Q: Romania will have to repay top tranches of its external debt in 2013 and 2014. What strategies should the government use to obtain cheaper loans form external creditors and reimburse the external debt?
Lucian Anghel: The financing sources Romania could use depend on international investors’ perception on the country’s evolution. As these perceptions are unpredictable, they need to be well taken
Romania is on the right track from a macroeconomic perspective. The country has managed to cut its budget deficit in an election year and amid a volatile international climate. Very few European countries have marked down such an achievement. A lower budget deficit had a positive impact on economic growth. Investors noticed this and positively adjusted their perception on Romania’s economy and its perspectives.
The current peak on Romania’s external debt is not to be worried about. We will not have a reimbursement problem. Part of the money already exists in the Central Bank’s foreign currency reserve and, in addition, the Finance Ministry has borrowed money that will allow it to repay the entire debt.
The issue that needs to be taken care of is how to reduce Romania’s borrowing costs and how to inject money back into the economy, to generate economic growth. In my view, infrastructure should be the government’s zero priority. All other sectors such as tourism need infrastructure.
Q: Which are the main challenges that compulsory private pensions have to face during the next few years?

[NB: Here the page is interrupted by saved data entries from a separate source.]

Lemma DopE g l : Dop g l = \sum_(lp <- strict_parts (psize l).+1) Dweight l lp * g lp - g l.
Proof.
rewrite /Dop /Dweight; congr (_ - _).
rewrite mulr_sumr big_mkcond [X in _ + X]big_mkcond -big_split /=; apply: eq_bigr => lp _.
by case: (contains lp l); case: (size l < size lp)%N; case: (size lp == size l)%N => /=; ring.
Qed.

(* Deleting a box from a row that stays nonempty lowers the exponent of 2 in [f'_skew] by one,
   which the weight 2 restores; deleting a last row of length 1 leaves it unchanged. *)
Lemma f'_remove_box_Dweight lp m j : is_strict lp -> is_strict m -> contains lp m ->
  (j < size lp)%N -> removable lp m j ->
  f'_skew (remove_box lp j) m * Dweight (remove_box lp j) lp =
  2 ^+ ((psize lp + size m) - (psize m + size lp)) * (f_skew (remove_box lp j) m)%:R.
Proof.
move=> slp sm lpm jlp rem_j.
have := leq_psize_size (strict_remove_box slp jlp rem_j) sm (remove_box_contains slp jlp lpm rem_j).
have lp_gt0 : (0 < psize lp)%N.
  by rewrite (psize_sum (leqnn _)) (bigD1 (Ordinal jlp)) //= addn_gt0 strict_nth_gt0 ?jlp.
rewrite /f'_skew /Dweight contains_remove_box // psize_remove_box // size_remove_box //.
case: ifP => [/eqP lp_j1|_] ineq.
  rewrite (strict_last_one slp jlp lp_j1) ltnSn gtn_eqF //= mulr0 addr0 mulr1.
  by congr (2 ^+ _ * _); lia.
rewrite ltnn eqxx /= add0r mulr1 mulrAC -exprSr; congr (2 ^+ _ * _); lia.
Qed.

Lemma sum_f'_Dweight m lp M : is_strict m -> is_strict lp -> psize lp = M.+1 ->
  (psize m <= M)%N ->
  \sum_(l <- strict_parts M | contains l m) f'_skew l m * Dweight l lp =
  if contains lp m then f'_skew lp m else 0.
Proof.
move=> sm slp lpM mM.
rewrite big_mkcond (eq_bigr (fun l => if contains l m && contains lp l
    then f'_skew l m * Dweight l lp else 0)) -?big_mkcond; last first.
  move=> l _; case: (contains l m); case lpl: (contains lp l) => //=.
  by rewrite /Dweight lpl /= mulr0 addr0 mulr0.
case: ifP => lpm; last first.
  rewrite big1_seq // => l /andP[/andP[lm lpl] _].
  by rewrite (contains_trans lpl lm) in lpm.
have -> : M = (psize lp).-1 by rewrite lpM.
rewrite sum_remove_box ?lpM // big_seq_cond.
rewrite (eq_bigr (fun j => 2 ^+ ((psize lp + size m) - (psize m + size lp)) *
                           (f_skew (remove_box lp j) m)%:R)); last first.
  by move=> j /andP[]; rewrite mem_iota => /andP[_ jlp] rem_j; apply: f'_remove_box_Dweight.
have lt_m_lp : (psize m < psize lp)%N by rewrite lpM ltnS.
by rewrite -big_seq_cond -mulr_sumr -natr_sum -(f_skew_rec slp sm lpm lt_m_lp).
Qed.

Lucian Anghel: The most important challenge is to increase people’s financial culture. Today we have 1.2 retired persons for only 1 tax payer and this number will most likely increase to 1.5 in a few decades. The question is if, in these conditions, the state will be able to support the current pension system. The state offers EUR 400 fiscal deduction for the third pension pillar if a person creates a voluntary pension for herself and makes a monthly deposit for it. When the person retires, her standard of living will be higher because of this pension.
Higher life expectancy, lower birth rates and more people working and paying taxes abroad will generate changes that will force us to save more when we are young in order to live better lives when we retire.

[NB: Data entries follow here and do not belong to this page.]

Lemma inG_2_1 m : inG m 2 1.
Proof. by split; [rewrite pnatr_eq0 | rewrite expr1n]. Qed.

Lemma inG_1_prim m zeta : m.-primitive_root zeta -> inG m 1 zeta.
Proof. by move=> prim_zeta; split; [rewrite oner_neq0 | rewrite prim_expr_order]. Qed.

Section Separation.
Variables (p k m : nat).
Hypotheses (p_gt0 : (0 < p)%N) (k_gt0 : (0 < k)%N) (m_gt0 : (0 < m)%N).
Hypotheses (co_pq : coprime p (p + k)) (k_dvd_m : (k %| m)%N).
Local Notation q := (p + k)%N.

(* The character is tested on (2, 1), which detects the t-degree, and on
   (1, zeta) for a primitive m-th root zeta, which detects the degree in z mod m. *)
Lemma tchar_sep r r' : reduced p k m r -> reduced p k m r' -> r != r' ->
  char_sep m (tchar p q r) (tchar p q r').
Proof.
case: r r' => [[a B] C] [[a' B'] C'] red_r red_r' neq_r.
have two_neq0 : (2 : CC) != 0 by rewrite pnatr_eq0.
have [t_sep | /negPn/eqP e2] :=
  boolP (tchar p q (a, B, C) 2 1 != tchar p q (a', B', C') 2 1).
  by exists 2, 1; split => //; apply: inG_2_1.
have [zeta prim_zeta] := prim_root_exists CC m_gt0.
have zeta_neq0 : zeta != 0 by rewrite (prim_root_eq0 prim_zeta) -lt0n.
have [z_sep | /negPn/eqP ez] :=
  boolP (tchar p q (a, B, C) 1 zeta != tchar p q (a', B', C') 1 zeta).
  by exists 1, zeta; split => //; apply: inG_1_prim.
case/negP: neq_r; apply/eqP/(reduced_inj p_gt0 k_gt0 m_gt0 co_pq k_dvd_m red_r red_r') => /=.
  move/(tchar_cross two_neq0 (oner_neq0 CC)): e2.
  by rewrite !expr1n !mulr1; apply: ieexprIn; rewrite ?ltr0n ?pnatr_eq1.
move/(tchar_cross (oner_neq0 CC) zeta_neq0): ez.
by rewrite !expr1n !mul1r => /eqP; rewrite (eq_prim_root_expr prim_zeta) => /eqP.
Qed.

Lemma tchar_PP t z : inG m t z -> tchar p q (0, q * (m %/ k), p * (m %/ k))%N t z = 1.
Proof.
move=> Gtz; have t_neq0 := inG_t_neq0 Gtz; have z_neq0 := inG_z_neq0 m_gt0 Gtz.
rewrite tcharE // add0n exprMn -!exprM mulnCA.
have -> : z ^+ (q * (m %/ k)) = z ^+ (p * (m %/ k)).
  by rewrite mulnDl exprD (mulnC k) divnK //; case: Gtz => _ ->; rewrite mulr1.
by rewrite divff // mulf_neq0 ?expf_neq0.
Qed.

End Separation.

(** * Normal form modulo the generators *)

Lemma sum_partition_undup (T U : eqType) (V : nmodType) (s : seq T) (key : T -> U)
    (F : T -> V) :
  \sum_(x <- s) F x = \sum_(r <- undup (map key s)) \sum_(x <- s | key x == r) F x.
Proof.
under [RHS]eq_bigr do rewrite big_mkcond.
rewrite exchange_big /= [LHS]big_seq [RHS]big_seq; apply: eq_bigr => x sx.
rewrite (bigD1_seq (key x)) ?undup_uniq ?mem_undup ?map_f //= eqxx big1 ?addr0 // => r.
by rewrite eq_sym => /negbTE ->.
Qed.

Lemma big_ord5 (R : pzSemiRingType) (F : 'I_5 -> R) :
  \prod_(i < 5) F i = F (inord 0) * F (inord 1) * F (inord 2) * F (inord 3) * F (inord 4).
Proof.
rewrite !big_ord_recl big_ord0 mulr1 !mulrA.
by congr (F _ * F _ * F _ * F _ * F _); apply: val_inj; rewrite /= inordK.
Qed.

Lemma mpolyX5 (a : 'X_{1.. 5}) : 'X_[a] =
  X 0 ^+ a (inord 0) * X 1 ^+ a (inord 1) * X 2 ^+ a (inord 2) *
  X 3 ^+ a (inord 3) * X 4 ^+ a (inord 4).
Proof. by rewrite mpolyXE_id big_ord5. Qed.

Definition pivot (u1 u2 : CC) (V1 V2 : Pol) : Pol :=
  if u2 != 0 then u2^-1 *: V1 else (- u1^-1) *: V2.

Lemma eqmod_pivot L u1 u2 V1 V2 : is_ideal L -> (u1 != 0) || (u2 != 0) ->
  L (u1 *: V1 + u2 *: V2) ->
  eqmod L V1 (u2 *: pivot u1 u2 V1 V2) /\ eqmod L V2 ((- u1) *: pivot u1 u2 V1 V2).
Proof.
move=> idL u_neq0 Lu; rewrite /pivot; case: ifPn => [u2_neq0 | /negPn/eqP u2_0].
  split; first by rewrite scalerA mulfV // scale1r; apply: eqmod_refl.
  rewrite /eqmod; suff -> : V2 - (- u1) *: (u2^-1 *: V1) = u2^-1 *: (u1 *: V1 + u2 *: V2).
    exact: idealZ.
  rewrite scalerA mulNr scaleNr opprK scalerDr !scalerA mulVf // scale1r.
  by rewrite addrC mulrC.
move: u_neq0 Lu; rewrite u2_0 eqxx orbF scale0r addr0 => u1_neq0 Lu.
split; first by rewrite /eqmod scale0r subr0; apply: idealZV Lu.
by rewrite /eqmod scalerA mulrN mulNr opprK mulfV // scale1r subrr; apply: ideal0.
Qed.

Section NormalForm.
Variables (p k m : nat) (s1 s2 s3 s4 pi : CC).
Local Notation q := (p + k)%N.
Local Notation m' := (m %/ k)%N.

Definition Y := pivot s1 s2 (X 1) (X 2).
Definition Z := pivot s3 s4 (X 3) (X 4).
Definition PP := Y ^+ (q * m') * Z ^+ (p * m').

Definition contains_gens (L : Pol -> Prop) :=
  [/\ L (s1 *: X 1 + s2 *: X 2), L (s3 *: X 3 + s4 *: X 4), L (heq p q)
    & L (PP - pi%:MP)].

Definition mono3 (r : nat * nat * nat) : Pol := X 0 ^+ r.1.1 * Y ^+ r.1.2 * Z ^+ r.2.

Definition rho (a : 'X_{1.. 5}) : nat * nat * nat :=
  (a (inord 0), a (inord 1) + a (inord 2), a (inord 3) + a (inord 4))%N.

Definition subst_coef (a : 'X_{1.. 5}) : CC :=
  s2 ^+ a (inord 1) * (- s1) ^+ a (inord 2) * s4 ^+ a (inord 3) * (- s3) ^+ a (inord 4).

Definition red_coef (r : nat * nat * nat) : CC :=
  (s1 * s4 - s2 * s3) ^+ red_j k r * pi ^+ red_u p k m r.

Definition nf_term (f : Pol) (a : 'X_{1.. 5}) : Pol :=
  (f@_a * subst_coef a * red_coef (rho a)) *: mono3 (red p k m (rho a)).

Definition nf (f : Pol) : Pol := \sum_(a <- msupp f) nf_term f a.

Hypotheses (s12_neq0 : (s1 != 0) || (s2 != 0)) (s34_neq0 : (s3 != 0) || (s4 != 0)).
Variables (L : Pol -> Prop) (idL : is_ideal L) (genL : contains_gens L).

Lemma eqmod_X1 : eqmod L (X 1) (s2 *: Y).
Proof. by case: genL => /(eqmod_pivot idL s12_neq0) []. Qed.
Lemma eqmod_X2 : eqmod L (X 2) ((- s1) *: Y).
Proof. by case: genL => /(eqmod_pivot idL s12_neq0) []. Qed.
Lemma eqmod_X3 : eqmod L (X 3) (s4 *: Z).
Proof. by case: genL => _ /(eqmod_pivot idL s34_neq0) []. Qed.
Lemma eqmod_X4 : eqmod L (X 4) ((- s3) *: Z).
Proof. by case: genL => _ /(eqmod_pivot idL s34_neq0) []. Qed.

Lemma eqmod_X0k : eqmod L (X 0 ^+ k) ((s1 * s4 - s2 * s3) *: (Y * Z)).
Proof.
have eq_heq : eqmod L (X 0 ^+ k) (X 1 * X 4 - X 2 * X 3).
  by case: genL => _ _; rewrite /heq addKn.
apply: (eqmod_trans idL eq_heq).
suff -> : (s1 * s4 - s2 * s3) *: (Y * Z) =
          (s2 *: Y) * ((- s3) *: Z) - ((- s1) *: Y) * (s4 *: Z).
  apply: (eqmodD idL (eqmodM idL eqmod_X1 eqmod_X4)).
  exact: (eqmodN idL (eqmodM idL eqmod_X2 eqmod_X3)).
by rewrite -!mul_mpolyC !rmorphB !rmorphM !rmorphN /=; ring.
Qed.

Lemma eqmod_monomial a : eqmod L 'X_[a] (subst_coef a *: mono3 (rho a)).
Proof.
rewrite mpolyX5.
apply: (eqmod_trans idL (eqmodM idL _ (eqmodXn idL _ eqmod_X4))).
apply: (eqmodM idL _ (eqmodXn idL _ eqmod_X3)).
apply: (eqmodM idL _ (eqmodXn idL _ eqmod_X2)).
exact: (eqmodM idL (eqmod_refl idL _) (eqmodXn idL _ eqmod_X1)).
rewrite /subst_coef /mono3 /rho /= !exprZn !exprD -!mul_mpolyC !rmorphM /=.
by rewrite ![(_ ^+ _)%:MP]rmorphXn; apply: (eq_eqmod idL); ring.
Qed.

Lemma eqmod_mono3_red r : eqmod L (mono3 r) (red_coef r *: mono3 (red p k m r)).
Proof.
case: r => [[a B] C]; rewrite /red_coef /red /mono3 /=.
set j := red_j k _; set u := red_u p k m _; set cc := s1 * s4 - s2 * s3.
have le_B : (u * (q * m') <= B + j)%N.
  by rewrite (leq_trans _ (leq_trunc_div _ (q * m'))) // leq_mul2r geq_minl orbT.
have le_C : (u * (p * m') <= C + j)%N.
  by rewrite (leq_trans _ (leq_trunc_div _ (p * m'))) // leq_mul2r geq_minr orbT.
have eY : Y ^+ (B + j) = Y ^+ (B + j - u * (q * m')) * (Y ^+ (q * m')) ^+ u.
  by rewrite -exprM -exprD [(_ * u)%N]mulnC subnK.
have eZ : Z ^+ (C + j) = Z ^+ (C + j - u * (p * m')) * (Z ^+ (p * m')) ^+ u.
  by rewrite -exprM -exprD [(_ * u)%N]mulnC subnK.
have -> : X 0 ^+ a * Y ^+ B * Z ^+ C =
          (X 0 ^+ k) ^+ j * (X 0 ^+ (a %% k) * Y ^+ B * Z ^+ C).
  by rewrite {1}(divn_eq a k) exprD -exprM mulnC !mulrA.
apply: (eqmod_trans idL (eqmodM idL (eqmodXn idL j eqmod_X0k) (eqmod_refl idL _))).
set M := X 0 ^+ (a %% k) * Y ^+ (B + j - u * (q * m')) * Z ^+ (C + j - u * (p * m')).
have -> : (cc *: (Y * Z)) ^+ j * (X 0 ^+ (a %% k) * Y ^+ B * Z ^+ C) =
          cc ^+ j *: (M * PP ^+ u).
  rewrite exprZn -scalerAl /M /PP exprMn; congr (_ *: _).
  move: eY eZ; rewrite !exprD exprMn.
  move: (X 0 ^+ _) (Y ^+ B) (Y ^+ j) (Z ^+ C) (Z ^+ j) (Y ^+ (B + j - _)) (Z ^+ (C + j - _)).
  move: (Y ^+ (q * m') ^+ u) (Z ^+ (p * m') ^+ u) => yu zu x0 yB yj zC zj y0 z0 eY eZ.
  transitivity (x0 * (yB * yj) * (zC * zj)); first by ring.
  by rewrite eY eZ [RHS]mulrACA -[x0 * y0 * yu]mulrA.
rewrite -scalerA; apply: (eqmodZ idL).
rewrite -[pi ^+ u *: M]mul_mpolyC [_%:MP * M]mulrC rmorphXn.
by apply/(eqmodM idL (eqmod_refl idL M))/(eqmodXn idL); case: genL.
Qed.

Lemma eqmod_nf f : eqmod L f (nf f).
Proof.
rewrite {1}(mpolyE f) /nf; apply: (eqmod_sum idL) => a _.
rewrite /nf_term -2!scalerA; apply/(eqmodZ idL).
apply: (eqmod_trans idL (eqmod_monomial a)); apply/(eqmodZ idL).
exact: eqmod_mono3_red.
Qed.

End NormalForm.

(** * Points of the invariant Hilbert scheme *)

Section Main.
Variables (p k m : nat).
Hypotheses (p_gt0 : (0 < p)%N) (k_gt0 : (0 < k)%N) (m_gt0 : (0 < m)%N).
Hypotheses (co_pq : coprime p (p + k)) (k_dvd_m : (k %| m)%N).
Local Notation q := (p + k)%N.
Variables (s1 s2 s3 s4 pi : CC).
Hypotheses (s12_neq0 : (s1 != 0) || (s2 != 0)) (s34_neq0 : (s3 != 0) || (s4 != 0)).
Local Notation Y := (Y s1 s2).
Local Notation Z := (Z s3 s4).
Local Notation mono3 := (mono3 s1 s2 s3 s4).
Local Notation PP := (PP p k m s1 s2 s3 s4).
Local Notation contains_gens := (contains_gens p k m s1 s2 s3 s4 pi).
Local Notation nf := (nf p k m s1 s2 s3 s4 pi).
Local Notation nf_term := (nf_term p k m s1 s2 s3 s4 pi).

Lemma semi_inv_Y : semi_inv p q m Y (mu p).
Proof.
rewrite /Y /pivot; case: ifP => _; apply: semi_invZ.
  exact: semi_inv_X1.
exact: semi_inv_X2.
Qed.

Lemma semi_inv_Z : semi_inv p q m Z (nu q).
Proof.
rewrite /Z /pivot; case: ifP => _; apply: semi_invZ.
  exact: semi_inv_X3.
exact: semi_inv_X4.
Qed.

Lemma semi_inv_mono3 r : semi_inv p q m (mono3 r) (tchar p q r).
Proof.
case: r => [[a B] C].
exact (semi_invM (semi_invM (semi_invXn _ (@semi_inv_X0 p q m)) (semi_invXn _ semi_inv_Y))
  (semi_invXn _ semi_inv_Z)).
Qed.

Lemma PP_invariant : Defs.invariant p q m PP.
Proof.
move=> t z Gtz; have -> : PP = mono3 (0, q * (m %/ k), p * (m %/ k))%N.
  by rewrite /mono3 /= expr0 mul1r.
by rewrite semi_inv_mono3 // tchar_PP // scale1r.
Qed.

Definition nf_coef (f : Pol) (r0 : nat * nat * nat) : CC :=
  \sum_(a <- msupp f | red p k m (rho a) == r0)
     f@_a * subst_coef s1 s2 s3 s4 a * red_coef p k m s1 s2 s3 s4 pi (rho a).

Lemma nf_part f r0 :
  \sum_(a <- msupp f | red p k m (rho a) == r0) nf_term f a = nf_coef f r0 *: mono3 r0.
Proof. by rewrite scaler_suml; apply: eq_bigr => a /eqP <-. Qed.

Variables (I : Pol -> Prop) (HI : HilbPt p q m I) (genI : contains_gens I).
Let idI : is_ideal I. Proof. by case: HI. Qed.
Let stI : G_stable p q m I. Proof. by case: HI. Qed.

(* The terms of [nf f] with a character other than [tchar r0] cancel modulo [I]. *)
Lemma eqmod_nf_part f r0 : reduced p k m r0 ->
  in_char p q m I (tchar p q r0) (nf f) -> eqmod I (nf f) (nf_coef f r0 *: mono3 r0).
Proof.
move=> red_r0 nf_r0; rewrite -nf_part /eqmod /nf.
rewrite (bigID (fun a => red p k m (rho a) == r0)) /= addrAC subrr add0r.
apply: (semi_inv_sum_sep idI stI (c := fun a => tchar p q (red p k m (rho a)))).
- by move=> a _; apply/semi_invZ/semi_inv_mono3.
- move=> a; apply: (tchar_sep p_gt0 k_gt0 m_gt0 co_pq k_dvd_m _ red_r0).
  exact: (reduced_red p_gt0 k_gt0 m_gt0 k_dvd_m).
- exact: nf_r0.
apply/(in_char_semi_inv idI)/semi_inv_sum => a /negPn/eqP <-.
by apply/semi_invZ/semi_inv_mono3.
Qed.

Lemma mono3_notin r0 : reduced p k m r0 -> ~ I (mono3 r0).
Proof.
case: r0 => [[a B] C] red_r0 I_r0.
case: HI => _ _ _ /(_ ((a + q * C)%:Z - (p * B)%:Z) (C%:Z - B%:Z)) [f [wf fI _]].
apply: fI.
have eq_nf := eqmod_nf s12_neq0 s34_neq0 idI genI f.
have nf_r0 : in_char p q m I (tchar p q (a, B, C)) (nf f).
  apply: (in_char_eqmod idI stI eq_nf); apply: in_char_eq wf => t z Gtz.
  by rewrite tchar_chi // ?(inG_t_neq0 Gtz) ?(inG_z_neq0 m_gt0 Gtz).
apply: (eqmod_mem idI eq_nf); apply: (eqmod_mem idI (eqmod_nf_part red_r0 nf_r0)).
exact: (idealZ idI _ I_r0).
Qed.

On short term, I think the state should consolidate the growth of the pension funds. Last year, the pension funds in Romania generated 10% return, which was double the return generated by a bank deposit.

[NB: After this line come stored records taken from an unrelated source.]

(* Let $X$ be a real locally convex Hausdorff topological vector space with topological dual $X^*$. A nonempty subset $D\subset X$ is a convex polyhedron in $X$ if and only if there exist closed linear subspaces $X_0$, $X_1$ of $X$ and a convex polyhedron $D_1$ of the space $X_1$ such that $$X=X_0+X_1,\qquad X_0\cap X_1=\{0\},\qquad \dim X_1<+\infty,$$ and $$D=D_1+X_0.$$
   Context: For $x^*\in X^*$ and $x\in X$, $\langle x^*,x\rangle$ denotes the value of $x^*$ at $x$. A subset $C$ of a real locally convex Hausdorff topological vector space $Z$ is called a convex polyhedron (polyhedral convex set) of $Z$ if there exist finitely many $z_i^*\in Z^*$ and $\alpha_i\in\mathbb{R}$, $i=1,\dots,p$ ($p\ge 0$; the intersection of an empty family is $Z$), such that $C=\{z\in Z\mid \langle z_i^*,z\rangle\le\alpha_i,\ i=1,\dots,p\}$. Here $X_1$ is regarded with the topology induced from $X$, and $D_1$ being a convex polyhedron of $X_1$ means this definition with $Z=X_1$. *)

From HB Require Import structures.
From mathcomp Require Import all_boot all_order all_algebra.
From mathcomp Require Import all_classical all_reals all_analysis.
Set Implicit Arguments. Unset Strict Implicit. Unset Printing Implicit Defensive.
Import Order.TTheory GRing.Theory Num.Theory.
Local Open Scope classical_set_scope.
Local Open Scope ring_scope.
Import numFieldNormedType.Exports.

(* Real locally convex spaces: [tvsType R] (locally convex by definition). *)

Definition lin_functional (R : realType) (E : tvsType R) (f : E -> R) : Prop :=
  forall (a : R) (x y : E), f (a *: x + y) = a * f x + f y.

Definition dual_elt (R : realType) (E : tvsType R) (f : E -> R) : Prop :=
  lin_functional f /\ continuous f.

Definition convex_polyhedron (R : realType) (E : tvsType R) (C : set E) : Prop :=
  exists (p : nat) (z : 'I_p -> E -> R) (alpha : 'I_p -> R),
    (forall i, dual_elt (z i)) /\
    C = [set x | forall i, z i x <= alpha i].

Definition lin_subspace (R : realType) (E : tvsType R) (S : set E) : Prop :=
  S 0 /\ forall (a : R) (x y : E), S x -> S y -> S (a *: x + y).

(* A functional on the subspace S (represented by any function on E, only its
   restriction to S matters) which is linear on S and continuous for the
   topology induced on S: an element of S^*. *)
Definition sub_dual_elt (R : realType) (E : tvsType R) (S : set E)
    (f : E -> R) : Prop :=
  (forall (a : R) (x y : E), S x -> S y -> f (a *: x + y) = a * f x + f y) /\
  {within S, continuous f}.

Definition convex_polyhedron_in (R : realType) (E : tvsType R) (S C : set E) : Prop :=
  exists (p : nat) (z : 'I_p -> E -> R) (alpha : 'I_p -> R),
    (forall i, sub_dual_elt S (z i)) /\
    C = [set x | S x /\ forall i, z i x <= alpha i].

Definition finite_dim (R : realType) (E : tvsType R) (S : set E) : Prop :=
  exists (n : nat) (v : 'I_n -> E),
    S = [set x | exists c : 'I_n -> R, x = \sum_(i < n) c i *: v i].

From HB Require Import structures.
From mathcomp Require Import all_boot all_order all_algebra.
From mathcomp Require Import all_classical all_reals all_analysis.
From mathcomp Require Import lra.
Import Order.TTheory GRing.Theory Num.Theory.
Local Open Scope classical_set_scope.
Local Open Scope ring_scope.
Import numFieldNormedType.Exports.
Set Implicit Arguments. Unset Strict Implicit.

(* A polyhedron [D = {x | z_i x <= a_i}] is invariant under the common kernel [X0]
   of the [z_i], which has finite codimension: adding the functionals one at a time
   yields finitely many vectors spanning an algebraic complement [X1]. In a
   Hausdorff space [X1] is closed, because a closed subspace plus one vector stays
   closed: the coefficient along the new vector is uniformly continuous near the
   subspace, so it extends to the closure. Then [D = (D \cap X1) + X0].
   Conversely, [D1 + X0] is cut out by the [g_i \o P], where the [g_i] define [D1]
   and [P] projects onto [X1] along [X0]. Their kernels contain the closed subspace
   [X0] of finite codimension and are therefore closed, and a linear functional with
   a closed kernel is continuous. *)

Lemma forall_ord_recl n (P : 'I_n.+1 -> Prop) :
  (forall i, P i) <-> P ord0 /\ forall i, P (lift ord0 i).
Proof.
split=> [h|[h0 h] i]; first by split.
by case: (unliftP ord0 i) => [j ->|->].
Qed.

Section TopologicalVectorSpace.
Context {R : realType} {X : tvsType R}.
Implicit Types (f : X -> R) (A B K Y : set X) (u w x y : X).

Lemma lin_functional0 f : lin_functional f -> f 0 = 0.
Proof. by move=> hf; have := hf (-1) 0 0; rewrite scaler0 addr0 mulN1r addNr. Qed.

Lemma lin_functionalD f : lin_functional f -> {morph f : x y / x + y}.
Proof. by move=> hf x y; have := hf 1 x y; rewrite scale1r mul1r. Qed.

Lemma lin_functionalZ f a x : lin_functional f -> f (a *: x) = a * f x.
Proof. by move=> hf; have := hf a x 0; rewrite !addr0 lin_functional0 // addr0. Qed.

Lemma lin_functionalB f : lin_functional f -> {morph f : x y / x - y}.
Proof.
by move=> hf x y; rewrite lin_functionalD // -scaleN1r lin_functionalZ // mulN1r.
Qed.

Lemma lin_functional_sum f n (c : 'I_n -> R) (v : 'I_n -> X) : lin_functional f ->
  f (\sum_(i < n) c i *: v i) = \sum_(i < n) c i * f (v i).
Proof.
move=> hf; apply: (big_rec2 (fun a b => f b = a)); first exact: lin_functional0.
by move=> i a b _ <-; rewrite hf.
Qed.

Lemma sub_dual_elt0 Y f : lin_subspace Y -> sub_dual_elt Y f -> f 0 = 0.
Proof.
by move=> [Y0 _] [hf _]; have := hf (-1) 0 0 Y0 Y0; rewrite scaler0 addr0 mulN1r addNr.
Qed.

Lemma sub_dual_elt_dual_elt Y f : dual_elt f -> sub_dual_elt Y f.
Proof.
by move=> [hf cf]; split=> [a x y _ _|]; [exact: hf | exact: continuous_subspaceT].
Qed.

Lemma lin_subspaceD Y x y : lin_subspace Y -> Y x -> Y y -> Y (x + y).
Proof. by move=> [_ hY] Yx Yy; have := hY 1 x y Yx Yy; rewrite scale1r. Qed.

Q: Pension funds have problems in finding local investment opportunities, as the market has few listings and bond issues. What solutions do you see for them (eg: large exposures on local companies, investments on external markets, etc)?
Lucian Anghel: We need to take into account that local pension funds are only five years old and they haven’t reached a critical size yet. It’s too early for any of them to become a major player on the capital market. They are growing and I hope that, meanwhile, additional investment alternatives will be created on the capital market. I think they would be interested in a public offer for a state-owned or private company with good corporate governance and management, and a solid financial track record.
One issue to be discussed is how pension funds can diversify their investments. The existing investment options are suitable for the fund’s current development stage. Around 93% of the funds’ money is invested in Romania. Of course, we would like to have more investment instruments such as rated corporate bonds or solid, profitable state-owned or private companies. If the local market will not offer them new financial instruments, I think the 93 percent is likely to drop and more of these funds’ resources to be invested abroad.
Of course, the real challenge comes when pension funds will start growing. That’s when we will need more and diverse investment options. In Poland, double the size of Romania, the pension fund sector amounts to EUR 50bn. If we keep our growth ratio, the size of this sector could reach EUR 25bn. We have a long way to go until this we reach such a number, but that’s the trend.